===== Input data =====
(* Let $\nu>2$ and let $F_\nu$ be the CDF of the Student's $t$-distribution with $\nu$ degrees of freedom, location $0$ and scale $1$. For every real $m\in(0,\nu)$ and every $t>0$, $$\frac{1}{(1-F_\nu(t))(t^2+\nu)^{\frac{\nu-1}{2}}}\le\frac{\sqrt{t^2+\nu-m}}{\kappa_m},\qquad \kappa_m=\frac{\Gamma\left(\frac{\nu+1}{2}\right)(\nu-m)\,m^{\nu/2-1}}{2\sqrt{\pi}\,\Gamma\left(\frac{\nu}{2}\right)}.$$ *)

From Stdlib Require Import Reals.
From Coquelicot Require Import Coquelicot.
Open Scope R_scope.

Definition Gamma (x : R) : R :=
  RInt_gen (fun s => Rpower s (x - 1) * exp (- s)) (at_right 0) (Rbar_locally p_infty).

Definition student_pdf (nu x : R) : R :=
  Gamma ((nu + 1) / 2) / (sqrt (nu * PI) * Gamma (nu / 2))
  * Rpower (1 + x ^ 2 / nu) (- ((nu + 1) / 2)).

Definition student_cdf (nu t : R) : R :=
  RInt_gen (student_pdf nu) (Rbar_locally m_infty) (at_point t).

Definition kappa (nu m : R) : R :=
  Gamma ((nu + 1) / 2) * (nu - m) * Rpower m (nu / 2 - 1)
  / (2 * sqrt PI * Gamma (nu / 2)).

From Stdlib Require Import Reals Lra Psatz Classical_Prop.
From Coquelicot Require Import Coquelicot.
Open Scope R_scope.

(* Inverting both sides, the claim is [kappa_m * phi t <= 1 - F t] with
   [phi x = (x^2 + nu)^(-(nu-1)/2) (x^2 + nu - m)^(-1/2)] ([tail_envelope]).
   On (0, oo) the Student density dominates [- kappa_m * phi']: with
   [k = nu/2 - 1] this reduces to a cubic inequality in [x] and
   [sqrt (x^2 + nu - m)] together with [m^k (nu + k (nu - m)) <= nu^(k+1)],
   an instance of [ln p <= p - 1].  Integrating over [t, X], letting [X -> oo]
   and using that the density has total mass at most 1 gives the bound.  The
   mass bound is the Beta-Gamma identity: [Gamma((nu+1)/2) (1 + x^2/nu)^(-(nu+1)/2)]
   is the Gamma integral of [u^((nu-1)/2) e^(-u (1 + x^2/nu))]; exchanging the
   two integrals leaves a Gaussian integral in [x], bounded by [sqrt pi]. *)

(* Coquelicot's integral lemmas are stated over an arbitrary normed module,
   which is not inferred for functions [R -> R]. *)
Lemma ex_RInt_continuous_R (g : R -> R) a b :
  (forall z, Rmin a b <= z <= Rmax a b -> continuous g z) -> ex_RInt g a b.
Proof. exact (ex_RInt_continuous (V := R_CompleteNormedModule) g a b). Qed.

Lemma ex_derive_continuous_R (g : R -> R) x : ex_derive g x -> continuous g x.
Proof. exact (ex_derive_continuous (V := R_NormedModule) g x). Qed.

Lemma ex_RInt_scal_R (g : R -> R) a b k :
  ex_RInt g a b -> ex_RInt (fun x => k * g x) a b.
Proof. exact (ex_RInt_scal (V := R_NormedModule) g a b k). Qed.

Lemma RInt_scal_R (g : R -> R) a b k :
  ex_RInt g a b -> RInt (fun x => k * g x) a b = k * RInt g a b.
Proof. exact (RInt_scal (V := R_CompleteNormedModule) g a b k). Qed.

Lemma RInt_point_R (g : R -> R) a : RInt g a a = 0.
Proof. exact (RInt_point (V := R_CompleteNormedModule) a g). Qed.

Lemma RInt_swap_R (g : R -> R) a b : ex_RInt g a b -> RInt g b a = - RInt g a b.
Proof. intros H; symmetry; exact (opp_RInt_swap (V := R_CompleteNormedModule) g a b H). Qed.

Lemma RInt_Chasles_R (g : R -> R) a b c :
  ex_RInt g a b -> ex_RInt g b c -> RInt g a b + RInt g b c = RInt g a c.
Proof. exact (RInt_Chasles (V := R_CompleteNormedModule) g a b c). Qed.

Lemma RInt_comp_lin_R (g : R -> R) u v a b :
  ex_RInt g (u * a + v) (u * b + v) ->
  RInt (fun y => u * g (u * y + v)) a b = RInt g (u * a + v) (u * b + v).
Proof. exact (RInt_comp_lin (V := R_CompleteNormedModule) g u v a b). Qed.

Lemma RInt_le_subinterval (g : R -> R) a b c d :
  a <= c -> c <= d -> d <= b ->
  (forall x, a <= x <= b -> continuous g x) -> (forall x, a <= x <= b -> 0 <= g x) ->
  RInt g c d <= RInt g a b.
Proof.
intros Hac Hcd Hdb Hg Hpos.
assert (Hex : forall p q, a <= p -> p <= q -> q <= b -> ex_RInt g p q).
{ intros p q Hp Hpq Hq; apply ex_RInt_continuous_R; intros z Hz; apply Hg.
  rewrite Rmin_left, Rmax_right in Hz; lra. }
rewrite <- (RInt_Chasles_R g a c b), <- (RInt_Chasles_R g c d b) by (apply Hex; lra).
assert (0 <= RInt g a c) by (apply RInt_ge_0; [lra | apply Hex; lra | intros; apply Hpos; lra]).
assert (0 <= RInt g d b) by (apply RInt_ge_0; [lra | apply Hex; lra | intros; apply Hpos; lra]).
lra.
Qed.

Lemma is_derive_RInt_continuous (g : R -> R) a x :
  (forall y, continuous g y) -> is_derive (RInt g a) x (g x).
Proof.
intros Hg; apply (is_derive_RInt g (RInt g a) a x); [| apply Hg].
apply filter_forall; intros y; apply (RInt_correct (V := R_CompleteNormedModule)).
apply ex_RInt_continuous_R; intros; apply Hg.
Qed.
=====
All lines of the records containing "Stdlib" should be shown.

From Stdlib Require Import Reals.
From Stdlib Require Import Reals Lra Psatz Classical_Prop.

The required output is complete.